Ножиком будем резать,
Ножиком будем бить!
Подумала, что при многих обывательских и дворянских домах с той войны остались пленные турки, которые не захотели домой возвращаться. У сына ее турчонок-брадобрей Ванька Кутайсов любимым другом и наперсником сделался. Это, кажется, в нем единственное чисто русское качество — не питать анимальной злобы к инородным людям. Всегда кто-то со стороны злобу в русских подстрекает.
Наутро, когда с императором и послами должна была плыть из Херсона в Кинбурн, бесчисленные белые и синие паруса замаячили в тумане. То были турецкие бриги и фрегаты. Они тяжело вплывали в лиман, располагались полумесяцем, как раз там, где светлая днепровская вода, принимая в себя полуденный Буг, сливалась с темно-зеленою массою моря. Кинбурн просматривался отсюда на низкой, слившейся с морем косе. А напротив, на высоком скальном берегу, отчетливо возвышались квадратные бастионы последнего оплота Порты на этом берегу.

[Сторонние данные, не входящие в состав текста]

Lemma hitting_large : (0 < k)%N -> (forall i, 0 < n i)%N ->
  (1 - gam ^+ k) * (\prod_(i < k) n i)%:R <= #|[pred T | good T]|%:R ->
  exists c i, (1 - gam) * (n i)%:R <= #|hitting c i|%:R.
Proof.
move=> k_gt0 n_gt0 many_good.
have [//|no_hit] := pselect (exists c i, (1 - gam) * (n i)%:R <= #|hitting c i|%:R).
have hitting_small c i : #|hitting c i|%:R < (1 - gam) * (n i)%:R.
  by rewrite ltNge; apply/negP => hit; apply: no_hit; exists c, i.
have k1_lt : (k.-1 < k)%N by rewrite ltn_predL.
have iSk : (Ordinal k1_lt).+1 = k := prednK k_gt0.
have [p [c]] := cluster_exists hitting_small n_gt0 many_good _ k1_lt.
rewrite (_ : k - k.-1 = 1)%N ?expr1; last by lia.
rewrite (tail_prod_last iSk) => large.
have := cluster_last _ p c iSk; rewrite -(ler_nat R) => /(le_trans large).
by rewrite leNgt hitting_small.
Qed.

End Clusters.

Lemma powR_lt1 (R : realType) (x e : R) : 0 <= x -> x < 1 -> 0 < e -> x `^ e < 1.
Proof.
move=> x_ge0 x_lt1 e_gt0; have [->|x_neq0] := eqVneq x 0; first by rewrite powR0 ?gt_eqF.
have := gt0_ltr_powR e_gt0 (x := x) (y := 1); rewrite !nnegrE powR1; apply => //.
Qed.

Lemma powR_invnK (R : realType) (x : R) k : 0 <= x -> (0 < k)%N -> (x `^ k%:R^-1) ^+ k = x.
Proof.
move=> x_ge0 k_gt0; rewrite -powR_mulrn ?powR_ge0 // -powRrM.
by rewrite mulVf ?pnatr_eq0 -?lt0n // powRr1.
Qed.

Theorem theorem4p3 (R : realType) (d k : nat) (n : 'I_k -> nat)
  (F : forall i : 'I_k, 'I_(n i) -> set 'rV[R]_d)
  (b : 'rV[R]_d) (alpha : R) :
  (0 < k)%N ->
  (forall i, (0 < n i)%N) ->
  (forall i, injective (F i)) ->
  (forall i j, convex_set (F i j)) ->
  0 < alpha -> alpha <= 1 ->
  alpha * (\prod_(i < k) n i)%:R <=
    #|[pred t : transv n | `[< KT F t `&` eball b 1 !=set0 >]]|%:R ->
  exists (q : 'rV[R]_d) (i : 'I_k),
    (1 - (1 - alpha) `^ (k%:R^-1)) * (n i)%:R <=
      #|[pred j : 'I_(n i) | `[< F i j `&` eball q (Num.sqrt k%:R)^-1 !=set0 >]]|%:R.
Proof.
move=> k_gt0 n_gt0 _ F_convex alpha_gt0 alpha_le1 many_good.
have gam_ge0 : 0 <= (1 - alpha) `^ k%:R^-1 by exact: powR_ge0.
have gam_lt1 : (1 - alpha) `^ k%:R^-1 < 1.
  by apply: powR_lt1; rewrite ?invr_gt0 ?ltr0n //; lra.
apply: (hitting_large F F_convex b _ gam_ge0 gam_lt1 k_gt0 n_gt0).
by rewrite powR_invnK ?subr_ge0 // subKr.
Qed.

— Отложим до другого разу, чтобы посмотреть сразу и Очаков! — пошутил Иосиф Второй.
Было ясно, что грядет новая война. Она распрощалась с австрийским императором, что спешил к себе назад из-за неприятностей в Нидерландах, с послами и свитою, расцеловалась по-родственному со светлейшим князем Таврическим и, сопровождаемая одним эскортом, в карете без вензелей поскакала в Москву…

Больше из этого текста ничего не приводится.